* [ACTIVITY]:
Could you retype all of the data below exactly as given?

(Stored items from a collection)
====================
(* [comb p s] is the input of the outer reduction map: [bpair p s] for [W_le],
   [s] for [sW_le]. *)
Section DropC2.
Variables (X Y U V : space) (f : problem X Y) (g : problem U V).
Variables (H0 K0 : baire -> baire -> Prop) (comb : baire -> baire -> baire) (T : baire -> baire).
Hypothesis H0_computable : computable H0.
Hypothesis reduction : forall G, pfun G -> realizes (compl_prob g) G ->
  realizes (prob_prod f C2) (fun p q => exists r s, K0 p r /\ G r s /\ H0 (comb p s) q).
Hypothesis comb_bsucc : forall p t, T (comb p t) = comb (full_pair p) (bsucc t).
Hypothesis comb_prefix_zero : forall p a s k,
  (forall i, i < k -> a i = 0) -> (forall i, i < k -> s i = 0) ->
  prefix (comb (bpair p a) s) k = prefix (comb (full_pair p) zero) k.

(* [H0] fixes its [C2] answer [b] after reading a finite prefix; enumerating [b]
   into the instance only after that prefix, while every answer of [g] is
   delayed past it as well, yields the same, now wrong, answer. *)
Lemma bottom_answer_impossible G p x y q b :
  pfun G -> realizes g G -> rep p x -> f x y ->
  H0 (comb (full_pair p) zero) q -> @rep two_space (bsnd q) b -> False.
Proof.
  intros HG HR Hp Hxy Hq Hb.
  destruct (computable_continuous H0 _ _ 1 H0_computable Hq) as [k Hk].
  destruct (reduction (compl_realizer G k) (compl_realizer_pfun G k HG)
              (compl_realizer_realizes U V g G k HR) (bpair p (singleton_name k b)) (x, (b, negb b))
              (bpair_rep X _ _ _ _ Hp (singleton_name_rep k b)))
    as (q' & [y' b'] & (r & s & _ & Hs & Hq') & [_ Hb'] & [_ HC2]).
  { exists (y, negb b). split; [exact Hxy | destruct b; reflexivity]. }
  simpl in Hb, Hb'. unfold bsnd in Hb, Hb'. simpl in Hb, Hb'.
  rewrite (Hk _ _ Hq') in Hb'
    by (apply comb_prefix_zero; [apply singleton_name_prefix_zero |
                                 exact (compl_realizer_prefix_zero _ _ _ _ Hs)]).
  rewrite Hb' in Hb.
  unfold C2 in HC2. destruct b, b'; simpl in *; congruence.
Qed.

Lemma drop_C2 : forall G, pfun G -> realizes g G ->
  realizes f (fun p q => exists r s,
    minus1_comp K0 full_pair p r /\ G r s /\ bfst_comp H0 T (comb p s) q).
Proof.
  intros G HG HR p x Hp [y0 Hy0].
  destruct (reduction (compl_realizer G 0) (compl_realizer_pfun G 0 HG)
              (compl_realizer_realizes U V g G 0 HR) (full_pair p) (x, (true, true))
              (full_pair_rep X p x Hp))
    as (q0 & [y b] & (r & s & Hr & [(q & t & Hq & Ht & ->) | [_ ->]] & Hh) & [Hy Hb] & [Hf _]).
  { exists (y0, true). split; [exact Hy0 | reflexivity]. }
  - rewrite pad_0 in Hh. exists (bfst q0), y. split; [| auto].
    exists q, t. split; [exists r; auto |]. split; [exact Ht |].
    exists q0. rewrite comb_bsucc. auto.
  - exfalso. exact (bottom_answer_impossible G p x y0 q0 b HG HR Hp Hy0 Hh Hb).
Qed.
End DropC2.

Lemma transfer_pair_bpair p t : transfer_pair (bpair p t) = bpair (full_pair p) (bsucc t).
Proof. unfold transfer_pair. rewrite bfst_bpair, bsnd_bpair. reflexivity. Qed.

Lemma bpair_prefix_zero p a s k :
  (forall i, i < k -> a i = 0) -> (forall i, i < k -> s i = 0) ->
  prefix (bpair (bpair p a) s) k = prefix (bpair (full_pair p) zero) k.
Proof.
  intros Ha Hs. apply map_ext_in. intros i Hi. apply in_seq in Hi.
  pose proof (div2_le i). pose proof (div2_le (Nat.div2 i)).
  unfold full_pair, bpair. destruct (Nat.even i); [destruct (Nat.even (Nat.div2 i)) |].
  - reflexivity.
  - rewrite Ha by lia. reflexivity.
  - rewrite Hs by lia. reflexivity.
Qed.

Lemma prefix_zero s k : (forall i, i < k -> s i = 0) -> prefix s k = prefix zero k.
Proof. intros Hs. apply map_ext_in. intros i Hi. apply in_seq in Hi. apply Hs. lia. Qed.

Theorem proposition10p3 (X Y U V : space) (f : problem X Y) (g : problem U V) :
  represented X -> represented Y -> represented U -> represented V ->
  (@W_le (prod_space X Aminus2) (prod_space Y two_space) (completion U) (completion V)
      (prob_prod f C2) (compl_prob g) -> W_le f g) /\
  (@sW_le (prod_space X Aminus2) (prod_space Y two_space) (completion U) (completion V)
      (prob_prod f C2) (compl_prob g) -> sW_le f g).
Proof.
  (* The argument works for arbitrary representations. *)
  intros _ _ _ _. split; intros (H0 & K0 & HcH & HcK & Hred).
  - exists (bfst_comp H0 transfer_pair), (minus1_comp K0 full_pair). repeat split.
    + exact (computable_bfst_comp _ _ HcH digit_computable_transfer_pair).
    + exact (computable_minus1_comp _ _ HcK digit_computable_full_pair).
    + exact (drop_C2 X Y U V f g H0 K0 bpair transfer_pair HcH Hred
               transfer_pair_bpair bpair_prefix_zero).
  - exists (bfst_comp H0 bsucc), (minus1_comp K0 full_pair). repeat split.
    + exact (computable_bfst_comp _ _ HcH digit_computable_bsucc).
    + exact (computable_minus1_comp _ _ HcK digit_computable_full_pair).
    + exact (drop_C2 X Y U V f g H0 K0 (fun _ s => s) bsucc HcH Hred
               (fun _ _ => eq_refl) (fun p a s k _ Hs => prefix_zero s k Hs)).
Qed.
====================
* [ANSWER TO THIS EXERCISE]:
(* [comb p s] is the input of the outer reduction map: [bpair p s] for [W_le],
   [s] for [sW_le]. *)
Section DropC2.
Variables (X Y U V : space) (f : problem X Y) (g : problem U V).
Variables (H0 K0 : baire -> baire -> Prop) (comb : baire -> baire -> baire) (T : baire -> baire).
Hypothesis H0_computable : computable H0.
Hypothesis reduction : forall G, pfun G -> realizes (compl_prob g) G ->
  realizes (prob_prod f C2) (fun p q => exists r s, K0 p r /\ G r s /\ H0 (comb p s) q).
Hypothesis comb_bsucc : forall p t, T (comb p t) = comb (full_pair p) (bsucc t).
Hypothesis comb_prefix_zero : forall p a s k,
  (forall i, i < k -> a i = 0) -> (forall i, i < k -> s i = 0) ->
  prefix (comb (bpair p a) s) k = prefix (comb (full_pair p) zero) k.

(* [H0] fixes its [C2] answer [b] after reading a finite prefix; enumerating [b]
   into the instance only after that prefix, while every answer of [g] is
   delayed past it as well, yields the same, now wrong, answer. *)
Lemma bottom_answer_impossible G p x y q b :
  pfun G -> realizes g G -> rep p x -> f x y ->
  H0 (comb (full_pair p) zero) q -> @rep two_space (bsnd q) b -> False.
Proof.
  intros HG HR Hp Hxy Hq Hb.
  destruct (computable_continuous H0 _ _ 1 H0_computable Hq) as [k Hk].
  destruct (reduction (compl_realizer G k) (compl_realizer_pfun G k HG)
              (compl_realizer_realizes U V g G k HR) (bpair p (singleton_name k b)) (x, (b, negb b))
              (bpair_rep X _ _ _ _ Hp (singleton_name_rep k b)))
    as (q' & [y' b'] & (r & s & _ & Hs & Hq') & [_ Hb'] & [_ HC2]).
  { exists (y, negb b). split; [exact Hxy | destruct b; reflexivity]. }
  simpl in Hb, Hb'. unfold bsnd in Hb, Hb'. simpl in Hb, Hb'.
  rewrite (Hk _ _ Hq') in Hb'
    by (apply comb_prefix_zero; [apply singleton_name_prefix_zero |
                                 exact (compl_realizer_prefix_zero _ _ _ _ Hs)]).
  rewrite Hb' in Hb.
  unfold C2 in HC2. destruct b, b'; simpl in *; congruence.
Qed.

Lemma drop_C2 : forall G, pfun G -> realizes g G ->
  realizes f (fun p q => exists r s,
    minus1_comp K0 full_pair p r /\ G r s /\ bfst_comp H0 T (comb p s) q).
Proof.
  intros G HG HR p x Hp [y0 Hy0].
  destruct (reduction (compl_realizer G 0) (compl_realizer_pfun G 0 HG)
              (compl_realizer_realizes U V g G 0 HR) (full_pair p) (x, (true, true))
              (full_pair_rep X p x Hp))
    as (q0 & [y b] & (r & s & Hr & [(q & t & Hq & Ht & ->) | [_ ->]] & Hh) & [Hy Hb] & [Hf _]).
  { exists (y0, true). split; [exact Hy0 | reflexivity]. }
  - rewrite pad_0 in Hh. exists (bfst q0), y. split; [| auto].
    exists q, t. split; [exists r; auto |]. split; [exact Ht |].
    exists q0. rewrite comb_bsucc. auto.
  - exfalso. exact (bottom_answer_impossible G p x y0 q0 b HG HR Hp Hy0 Hh Hb).
Qed.
End DropC2.

Lemma transfer_pair_bpair p t : transfer_pair (bpair p t) = bpair (full_pair p) (bsucc t).
Proof. unfold transfer_pair. rewrite bfst_bpair, bsnd_bpair. reflexivity. Qed.

Lemma bpair_prefix_zero p a s k :
  (forall i, i < k -> a i = 0) -> (forall i, i < k -> s i = 0) ->
  prefix (bpair (bpair p a) s) k = prefix (bpair (full_pair p) zero) k.
Proof.
  intros Ha Hs. apply map_ext_in. intros i Hi. apply in_seq in Hi.
  pose proof (div2_le i). pose proof (div2_le (Nat.div2 i)).
  unfold full_pair, bpair. destruct (Nat.even i); [destruct (Nat.even (Nat.div2 i)) |].
  - reflexivity.
  - rewrite Ha by lia. reflexivity.
  - rewrite Hs by lia. reflexivity.
Qed.

Lemma prefix_zero s k : (forall i, i < k -> s i = 0) -> prefix s k = prefix zero k.
Proof. intros Hs. apply map_ext_in. intros i Hi. apply in_seq in Hi. apply Hs. lia. Qed.

Theorem proposition10p3 (X Y U V : space) (f : problem X Y) (g : problem U V) :
  represented X -> represented Y -> represented U -> represented V ->
  (@W_le (prod_space X Aminus2) (prod_space Y two_space) (completion U) (completion V)
      (prob_prod f C2) (compl_prob g) -> W_le f g) /\
  (@sW_le (prod_space X Aminus2) (prod_space Y two_space) (completion U) (completion V)
      (prob_prod f C2) (compl_prob g) -> sW_le f g).
Proof.
  (* The argument works for arbitrary representations. *)
  intros _ _ _ _. split; intros (H0 & K0 & HcH & HcK & Hred).
  - exists (bfst_comp H0 transfer_pair), (minus1_comp K0 full_pair). repeat split.
    + exact (computable_bfst_comp _ _ HcH digit_computable_transfer_pair).
    + exact (computable_minus1_comp _ _ HcK digit_computable_full_pair).
    + exact (drop_C2 X Y U V f g H0 K0 bpair transfer_pair HcH Hred
               transfer_pair_bpair bpair_prefix_zero).
  - exists (bfst_comp H0 bsucc), (minus1_comp K0 full_pair). repeat split.
    + exact (computable_bfst_comp _ _ HcH digit_computable_bsucc).
    + exact (computable_minus1_comp _ _ HcK digit_computable_full_pair).
    + exact (drop_C2 X Y U V f g H0 K0 (fun _ s => s) bsucc HcH Hred
               (fun _ _ => eq_refl) (fun p a s k _ Hs => prefix_zero s k Hs)).
Qed.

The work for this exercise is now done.